What lines below include the word "opprK"? Copy each one.

=-=-=

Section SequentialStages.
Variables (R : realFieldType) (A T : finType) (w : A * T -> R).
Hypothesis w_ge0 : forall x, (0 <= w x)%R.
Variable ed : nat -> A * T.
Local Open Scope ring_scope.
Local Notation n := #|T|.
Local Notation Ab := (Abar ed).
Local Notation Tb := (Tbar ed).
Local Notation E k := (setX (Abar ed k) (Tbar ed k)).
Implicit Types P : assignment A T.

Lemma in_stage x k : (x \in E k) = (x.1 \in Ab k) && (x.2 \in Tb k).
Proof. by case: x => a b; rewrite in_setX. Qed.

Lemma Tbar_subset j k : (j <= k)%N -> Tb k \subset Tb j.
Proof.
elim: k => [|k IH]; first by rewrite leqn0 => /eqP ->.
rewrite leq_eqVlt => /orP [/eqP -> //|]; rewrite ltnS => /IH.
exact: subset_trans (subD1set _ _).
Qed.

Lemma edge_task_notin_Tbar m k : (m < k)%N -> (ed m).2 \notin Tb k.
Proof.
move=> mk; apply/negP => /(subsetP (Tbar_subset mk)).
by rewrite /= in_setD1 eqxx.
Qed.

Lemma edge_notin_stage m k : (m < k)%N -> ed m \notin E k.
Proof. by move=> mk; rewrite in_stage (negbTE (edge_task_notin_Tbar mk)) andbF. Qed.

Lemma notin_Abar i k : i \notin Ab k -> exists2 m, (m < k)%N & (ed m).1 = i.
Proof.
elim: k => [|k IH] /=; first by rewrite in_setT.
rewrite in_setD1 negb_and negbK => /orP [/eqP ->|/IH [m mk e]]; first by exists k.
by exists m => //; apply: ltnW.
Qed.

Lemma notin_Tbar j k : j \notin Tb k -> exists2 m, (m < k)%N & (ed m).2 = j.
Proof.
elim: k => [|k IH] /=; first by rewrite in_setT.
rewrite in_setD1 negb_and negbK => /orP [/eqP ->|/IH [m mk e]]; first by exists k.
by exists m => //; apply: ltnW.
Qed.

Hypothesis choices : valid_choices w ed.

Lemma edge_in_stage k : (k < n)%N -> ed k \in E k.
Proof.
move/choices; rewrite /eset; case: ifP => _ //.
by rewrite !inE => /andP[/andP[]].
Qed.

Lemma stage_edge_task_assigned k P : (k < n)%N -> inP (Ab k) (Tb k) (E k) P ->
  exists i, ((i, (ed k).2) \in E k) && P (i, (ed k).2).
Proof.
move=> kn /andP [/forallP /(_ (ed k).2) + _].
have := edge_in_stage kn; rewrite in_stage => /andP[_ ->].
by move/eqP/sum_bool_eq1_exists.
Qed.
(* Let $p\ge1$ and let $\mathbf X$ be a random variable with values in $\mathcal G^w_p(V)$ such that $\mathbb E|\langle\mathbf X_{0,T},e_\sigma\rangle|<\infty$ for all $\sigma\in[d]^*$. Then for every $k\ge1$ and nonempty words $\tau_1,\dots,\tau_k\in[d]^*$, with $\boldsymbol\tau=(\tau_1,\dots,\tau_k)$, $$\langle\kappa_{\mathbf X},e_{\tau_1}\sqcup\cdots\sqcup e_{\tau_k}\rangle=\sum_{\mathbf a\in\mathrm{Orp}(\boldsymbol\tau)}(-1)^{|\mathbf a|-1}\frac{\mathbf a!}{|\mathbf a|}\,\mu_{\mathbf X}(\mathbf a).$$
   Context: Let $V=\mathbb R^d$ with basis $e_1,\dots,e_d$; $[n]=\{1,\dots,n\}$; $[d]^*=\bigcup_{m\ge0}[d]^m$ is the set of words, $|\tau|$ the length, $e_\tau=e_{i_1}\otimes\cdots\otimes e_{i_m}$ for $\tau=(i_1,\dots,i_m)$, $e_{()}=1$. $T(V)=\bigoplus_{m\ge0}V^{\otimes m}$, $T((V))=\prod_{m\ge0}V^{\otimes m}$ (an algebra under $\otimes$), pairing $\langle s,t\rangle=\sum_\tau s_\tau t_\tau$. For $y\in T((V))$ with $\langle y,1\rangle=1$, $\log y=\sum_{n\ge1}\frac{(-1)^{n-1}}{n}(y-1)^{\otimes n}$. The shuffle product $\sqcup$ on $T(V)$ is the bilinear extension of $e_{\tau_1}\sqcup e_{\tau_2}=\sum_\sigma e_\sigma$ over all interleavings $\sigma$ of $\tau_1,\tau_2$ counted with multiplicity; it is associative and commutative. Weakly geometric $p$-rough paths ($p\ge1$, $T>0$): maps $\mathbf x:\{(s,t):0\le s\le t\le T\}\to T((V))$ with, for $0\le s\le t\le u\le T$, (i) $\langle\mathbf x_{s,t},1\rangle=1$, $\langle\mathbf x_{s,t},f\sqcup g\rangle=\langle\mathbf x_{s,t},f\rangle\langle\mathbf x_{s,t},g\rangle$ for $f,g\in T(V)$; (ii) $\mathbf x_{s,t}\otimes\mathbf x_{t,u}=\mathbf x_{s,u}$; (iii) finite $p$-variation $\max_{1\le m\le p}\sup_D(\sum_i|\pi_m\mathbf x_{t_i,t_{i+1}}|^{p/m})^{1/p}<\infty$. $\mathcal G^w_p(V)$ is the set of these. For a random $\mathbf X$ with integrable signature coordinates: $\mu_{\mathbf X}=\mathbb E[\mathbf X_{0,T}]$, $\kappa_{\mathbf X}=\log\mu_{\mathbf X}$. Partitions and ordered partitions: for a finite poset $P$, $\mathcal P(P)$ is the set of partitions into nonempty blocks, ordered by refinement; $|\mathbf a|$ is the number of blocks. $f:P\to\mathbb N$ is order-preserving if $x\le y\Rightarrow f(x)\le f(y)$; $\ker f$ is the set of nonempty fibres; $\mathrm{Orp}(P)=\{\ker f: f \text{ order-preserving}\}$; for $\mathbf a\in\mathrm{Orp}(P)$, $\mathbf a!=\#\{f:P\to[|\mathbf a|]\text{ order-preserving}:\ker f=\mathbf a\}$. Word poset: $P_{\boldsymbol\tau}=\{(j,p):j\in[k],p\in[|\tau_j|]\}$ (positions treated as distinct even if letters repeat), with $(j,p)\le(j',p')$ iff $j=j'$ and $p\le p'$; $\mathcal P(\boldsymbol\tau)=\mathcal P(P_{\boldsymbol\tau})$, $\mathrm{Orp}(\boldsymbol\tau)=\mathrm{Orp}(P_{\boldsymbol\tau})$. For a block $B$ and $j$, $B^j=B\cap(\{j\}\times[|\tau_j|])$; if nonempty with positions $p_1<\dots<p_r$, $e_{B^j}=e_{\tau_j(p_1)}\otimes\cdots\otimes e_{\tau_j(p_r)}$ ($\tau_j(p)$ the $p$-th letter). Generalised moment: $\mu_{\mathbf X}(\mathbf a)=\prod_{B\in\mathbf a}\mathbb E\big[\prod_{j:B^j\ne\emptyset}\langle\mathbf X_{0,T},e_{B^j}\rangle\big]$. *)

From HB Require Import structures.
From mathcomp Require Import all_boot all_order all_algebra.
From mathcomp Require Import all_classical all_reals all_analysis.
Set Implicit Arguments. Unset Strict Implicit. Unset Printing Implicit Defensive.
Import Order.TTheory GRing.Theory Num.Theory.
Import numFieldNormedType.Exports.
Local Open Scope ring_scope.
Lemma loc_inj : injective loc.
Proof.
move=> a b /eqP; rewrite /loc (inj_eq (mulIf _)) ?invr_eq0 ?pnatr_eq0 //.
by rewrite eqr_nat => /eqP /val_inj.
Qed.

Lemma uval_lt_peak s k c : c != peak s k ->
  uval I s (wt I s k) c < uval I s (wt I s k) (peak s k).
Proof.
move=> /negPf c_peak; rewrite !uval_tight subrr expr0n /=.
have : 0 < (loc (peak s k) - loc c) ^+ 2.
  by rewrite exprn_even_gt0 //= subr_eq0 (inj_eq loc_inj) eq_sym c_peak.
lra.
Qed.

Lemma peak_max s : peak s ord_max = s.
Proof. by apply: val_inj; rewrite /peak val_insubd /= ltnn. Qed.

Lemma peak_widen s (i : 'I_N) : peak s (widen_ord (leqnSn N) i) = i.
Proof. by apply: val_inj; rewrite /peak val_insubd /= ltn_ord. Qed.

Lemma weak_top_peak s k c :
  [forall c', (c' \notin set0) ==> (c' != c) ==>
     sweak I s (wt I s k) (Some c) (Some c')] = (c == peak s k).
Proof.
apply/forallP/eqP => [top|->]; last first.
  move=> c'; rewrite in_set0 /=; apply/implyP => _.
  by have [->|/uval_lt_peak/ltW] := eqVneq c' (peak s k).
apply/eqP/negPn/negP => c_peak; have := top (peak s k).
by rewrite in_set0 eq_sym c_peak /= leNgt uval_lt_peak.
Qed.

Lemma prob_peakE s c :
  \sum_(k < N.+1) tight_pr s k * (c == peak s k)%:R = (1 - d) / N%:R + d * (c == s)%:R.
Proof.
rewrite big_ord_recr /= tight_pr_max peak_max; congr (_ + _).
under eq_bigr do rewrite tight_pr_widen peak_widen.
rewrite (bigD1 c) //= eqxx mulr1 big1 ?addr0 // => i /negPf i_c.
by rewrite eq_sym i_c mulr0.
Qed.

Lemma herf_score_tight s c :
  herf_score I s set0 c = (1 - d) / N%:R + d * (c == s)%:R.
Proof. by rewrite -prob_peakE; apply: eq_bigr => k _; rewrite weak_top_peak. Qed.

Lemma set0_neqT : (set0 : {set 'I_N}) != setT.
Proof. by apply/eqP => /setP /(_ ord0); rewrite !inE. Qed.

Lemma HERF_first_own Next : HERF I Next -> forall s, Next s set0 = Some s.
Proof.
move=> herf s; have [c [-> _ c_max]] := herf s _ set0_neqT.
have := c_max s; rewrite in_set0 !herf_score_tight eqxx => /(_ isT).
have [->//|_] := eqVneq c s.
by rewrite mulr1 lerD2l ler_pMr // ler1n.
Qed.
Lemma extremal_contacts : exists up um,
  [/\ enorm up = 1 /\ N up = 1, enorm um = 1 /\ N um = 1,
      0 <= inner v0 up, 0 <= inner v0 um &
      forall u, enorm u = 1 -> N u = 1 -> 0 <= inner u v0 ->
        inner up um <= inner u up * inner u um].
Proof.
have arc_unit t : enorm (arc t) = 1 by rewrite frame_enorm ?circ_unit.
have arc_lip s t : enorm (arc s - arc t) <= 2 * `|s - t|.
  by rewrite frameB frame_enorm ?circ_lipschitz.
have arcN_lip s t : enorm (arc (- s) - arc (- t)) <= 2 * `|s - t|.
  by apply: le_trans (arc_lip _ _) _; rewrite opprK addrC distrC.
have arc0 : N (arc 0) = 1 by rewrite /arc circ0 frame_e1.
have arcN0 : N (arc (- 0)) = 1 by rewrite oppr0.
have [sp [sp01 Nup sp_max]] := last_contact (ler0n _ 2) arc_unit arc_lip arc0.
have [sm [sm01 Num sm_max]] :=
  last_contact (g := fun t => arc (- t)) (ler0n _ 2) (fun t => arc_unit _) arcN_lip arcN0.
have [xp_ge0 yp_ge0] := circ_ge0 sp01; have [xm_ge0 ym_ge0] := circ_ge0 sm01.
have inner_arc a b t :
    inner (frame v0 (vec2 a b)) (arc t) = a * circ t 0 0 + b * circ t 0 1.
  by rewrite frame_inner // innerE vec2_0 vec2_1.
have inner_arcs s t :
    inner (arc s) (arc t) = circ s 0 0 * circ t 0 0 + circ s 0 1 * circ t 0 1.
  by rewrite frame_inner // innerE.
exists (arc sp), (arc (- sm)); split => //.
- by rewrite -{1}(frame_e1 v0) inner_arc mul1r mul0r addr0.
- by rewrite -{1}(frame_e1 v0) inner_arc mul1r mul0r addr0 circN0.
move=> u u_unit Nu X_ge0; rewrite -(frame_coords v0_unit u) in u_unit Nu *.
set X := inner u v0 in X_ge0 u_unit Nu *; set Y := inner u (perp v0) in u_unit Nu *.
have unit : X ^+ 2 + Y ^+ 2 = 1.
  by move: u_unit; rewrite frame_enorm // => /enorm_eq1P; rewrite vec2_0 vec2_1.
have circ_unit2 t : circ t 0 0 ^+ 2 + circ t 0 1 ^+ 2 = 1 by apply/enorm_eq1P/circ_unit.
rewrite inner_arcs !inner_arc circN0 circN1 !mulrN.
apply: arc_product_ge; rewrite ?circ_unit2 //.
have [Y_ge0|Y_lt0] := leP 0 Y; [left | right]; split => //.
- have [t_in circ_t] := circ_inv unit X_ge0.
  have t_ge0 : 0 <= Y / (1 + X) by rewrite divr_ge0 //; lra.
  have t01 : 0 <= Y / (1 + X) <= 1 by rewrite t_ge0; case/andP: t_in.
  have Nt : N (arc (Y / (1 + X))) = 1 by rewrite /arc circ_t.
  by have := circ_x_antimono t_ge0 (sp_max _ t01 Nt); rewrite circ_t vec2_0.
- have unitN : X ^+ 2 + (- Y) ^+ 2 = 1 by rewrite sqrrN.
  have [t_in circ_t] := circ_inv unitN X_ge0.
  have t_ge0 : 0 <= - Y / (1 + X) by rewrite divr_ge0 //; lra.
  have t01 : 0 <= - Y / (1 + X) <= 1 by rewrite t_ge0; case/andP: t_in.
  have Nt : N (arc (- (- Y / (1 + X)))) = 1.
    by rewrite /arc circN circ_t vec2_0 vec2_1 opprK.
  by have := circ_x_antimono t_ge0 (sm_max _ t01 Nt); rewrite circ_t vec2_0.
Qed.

=-=-=

Reply to the task:
  by apply: le_trans (arc_lip _ _) _; rewrite opprK addrC distrC.
    by rewrite /arc circN circ_t vec2_0 vec2_1 opprK.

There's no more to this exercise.